The system0, . . ., systemI, . . ., systemN blocks implement the monitoring
logic for each of N user specified properties. Each systemI block consists of two
automatically generated modules: bus interfaceI contains all logic that depends on
the specific choice of communication interface (PCI bus), while monitorI contains
all logic that depends on the formal language used to specify the property.
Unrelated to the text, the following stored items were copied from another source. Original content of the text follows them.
(* Let $F:\mathbb{R}^n\to\mathbb{R}^n$ be locally Lipschitz, $X^*=\{x:F(x)=0\}$, $x^*\in X^*$, $\mathcal{M}$ a smooth embedded submanifold of $\mathbb{R}^n$ containing $x^*$, and $\tilde X^*=X^*\cap\mathcal{M}$. Assume (A1), (A2), (A3) below, and let $b$ be as defined below. Let $q\in(1,2]$, $L_3>0$. For $x_k\in\mathcal{M}$ let $\mu_k=\|F(x_k)\|$, $J_k\in\partial_BF(x_k)$, $P_k=P(x_k)$, and let $d_k$ satisfy $(J_kP_k+\mu_kI)d_k=-F(x_k)+r_k$ where $\|r_k\|/\mu_k\le L_3\|F(x_k)\|^q$. Then there is a constant $c_1>0$ such that whenever $x_k\in\mathcal{M}\cap\bar B(x^*,b/2)$, $$\|d_k\|\le c_1\,\mathrm{dist}(x_k,\tilde X^* )+\mu_k^{-1}\|r_k\|.$$
   Context: $\partial_BF(x)=\{\lim_kJ(x^k):x^k\to x, F \text{ differentiable at } x^k\}$ (B-Jacobian). $P(x)$ is the matrix of the orthogonal projection onto the tangent space $T_x\mathcal{M}$. (A1): there are $b_1>0$, $L_2>0$ such that $F$ is $L_2$-Lipschitz on $\bar B(x^*,b_1)$, and a constant $L_1>0$ such that for all $x,y\in\mathcal{M}\cap\bar B(x^*,b_1)$ and every $J(x)\in\partial_BF(x)$: $\|F(y)-F(x)-J(x)(y-x)\|\le L_1\|y-x\|^2$ and $\|F(y)-F(x)-J(x)P(x)(y-x)\|\le L_1\|y-x\|^2$. (A2): there is $b_2>0$ such that for all $x\in\mathcal{M}\cap\bar B(x^*,b_2)$ and all $J(x)\in\partial_BF(x)$, $\|(J(x)P(x)+\mu(x)I)^{-1}\|\le\mu(x)^{-1}$, $\mu(x)=\|F(x)\|$. (A3): there are $b_3>0$, $\gamma>0$ with $\|F(x)\|\ge\gamma\,\mathrm{dist}(x,\tilde X^* )$ for all $x\in\mathcal{M}\cap\bar B(x^*,b_3)$. Set $b=\min\{b_2,b_3,\gamma b_1/(2L_1+2L_2+2\gamma+2L_3L_2^q\gamma),1,\gamma/(L_1+L_2+\gamma+L_3L_2^q\gamma)\}$. *)

From mathcomp Require Import all_boot all_order all_algebra.
From mathcomp Require Import all_classical all_reals all_analysis.
Set Implicit Arguments. Unset Strict Implicit. Unset Printing Implicit Defensive.
Import Order.TTheory GRing.Theory Num.Theory.
Import numFieldNormedType.Exports.
Local Open Scope classical_set_scope.
Local Open Scope ring_scope.

Section Defs.
Variable R : realType.

Definition enorm n (v : 'cV[R]_n) : R := Num.sqrt (\sum_(i < n) v i 0 ^+ 2).

Definition edot n (u v : 'cV[R]_n) : R := \sum_(i < n) u i 0 * v i 0.

Definition cball n (c : 'cV[R]_n) (r : R) : set 'cV[R]_n :=
  [set x | enorm (x - c) <= r].

Definition edist_set n (x : 'cV[R]_n) (S : set 'cV[R]_n) : R :=
  inf [set enorm (x - y) | y in S].

Definition elipschitz_on n m (F : 'cV[R]_n -> 'cV[R]_m) (L : R) (S : set 'cV[R]_n) :=
  forall x y, S x -> S y -> enorm (F y - F x) <= L * enorm (y - x).

Definition elocally_lipschitz n m (F : 'cV[R]_n -> 'cV[R]_m) :=
  forall x, exists r : R, exists L : R, 0 < r /\ elipschitz_on F L (cball x r).

Definition jac n m (F : 'cV[R]_n -> 'cV[R]_m) (x : 'cV[R]_n) : 'M[R]_(m, n) :=
  \matrix_(i < m, j < n) (derive F x (delta_mx j 0 : 'cV[R]_n)) i 0.

Definition BJac n m (F : 'cV[R]_n -> 'cV[R]_m) (x : 'cV[R]_n) : set 'M[R]_(m, n) :=
  [set J | exists xs : nat -> 'cV[R]_n,
      (forall k, differentiable F (xs k)) /\
      xs @ \oo --> x /\ (fun k => jac F (xs k)) @ \oo --> J].

Fixpoint iter_dir n m (vs : seq 'cV[R]_n) (f : 'cV[R]_n -> 'cV[R]_m)
    : 'cV[R]_n -> 'cV[R]_m :=
  match vs with
  | [::] => f
  | v :: vs' => fun x => derive (iter_dir vs' f) x v
  end.

Definition smooth_on n m (U : set 'cV[R]_n) (f : 'cV[R]_n -> 'cV[R]_m) :=
  forall vs : seq 'cV[R]_n, forall x, U x ->
    {for x, continuous (iter_dir vs f)} /\
    forall v, derivable (iter_dir vs f) x v.

Definition embedded_submanifold n (M : set 'cV[R]_n) :=
  exists k : nat, (k <= n)%N /\
  forall p, M p -> exists U : set 'cV[R]_n, open U /\ U p /\
    exists g : 'cV[R]_n -> 'cV[R]_(n - k),
      smooth_on U g /\
      (forall x, U x -> M x -> \rank (jac g x) = (n - k)%N) /\
      (forall x, U x -> (M x <-> g x = 0)).

Definition tangent_space n (M : set 'cV[R]_n) (x : 'cV[R]_n) : set 'cV[R]_n :=
  [set v | exists gam : R -> 'cV[R]_n,
     gam 0 = x /\ (\forall t \near (0 : R), M (gam t)) /\ is_derive (0 : R) (1 : R) gam v].

Definition orth_proj_onto n (A : 'M[R]_n) (T : set 'cV[R]_n) :=
  forall v, T (A *m v) /\ forall w, T w -> edot (v - A *m v) w = 0.

Definition inv_opnorm_le n (A : 'M[R]_n) (c : R) :=
  A \in unitmx /\ forall v : 'cV[R]_n, enorm (invmx A *m v) <= c * enorm v.

Definition bconst (b1 b2 b3 gam L1 L2 L3 q : R) : R :=
  Num.min b2 (Num.min b3 (Num.min
    (gam * b1 / (2 * L1 + 2 * L2 + 2 * gam + 2 * L3 * powR L2 q * gam))
    (Num.min 1 (gam / (L1 + L2 + gam + L3 * powR L2 q * gam))))).

End Defs.

From mathcomp Require Import all_boot all_order all_algebra.
From mathcomp Require Import all_classical all_reals all_analysis.
From mathcomp Require Import ring lra.
Set Implicit Arguments. Unset Strict Implicit. Unset Printing Implicit Defensive.
Import Order.TTheory GRing.Theory Num.Theory.
Import numFieldNormedType.Exports.
Local Open Scope classical_set_scope.
Local Open Scope ring_scope.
This
separation provides good modularity and facilitates code reuse. bus interfaceI
first receives as input the decoded bus signals and generates events, which are
sequentialized by the events sequentializer submodule (see Section 4.2.3), and
then passed to monitorI using the seq events wires. monitorI checks whenever the
formula for the I-th property is validated/violated and passes the information back
to bus interfaceI, which can then execute three types of recovery: 1) disconnect a
monitored peripheral from the bus using the stop signal; 2) send information to
the user using the serial output module, which implements a RS-232 transmitter;
3) start a write transaction on the bus using the master module. Finally, since it is
possible for multiple systemI modules to initiate recovery at the same time, we pro-
vide queuing functionalities for serial output and master in modules master queue
and serial queue, respectively.
It is important to notice that in the current implementation the time elapsed
from any event that triggers a validation/violation to executing the corresponding
handler is at most 4 clock cycles. This time is short enough to execute a recovery
action before a faulty peripheral is allowed to start a new transaction, as PCI
arbitration overhead prevents a peripheral from transmitting immediately.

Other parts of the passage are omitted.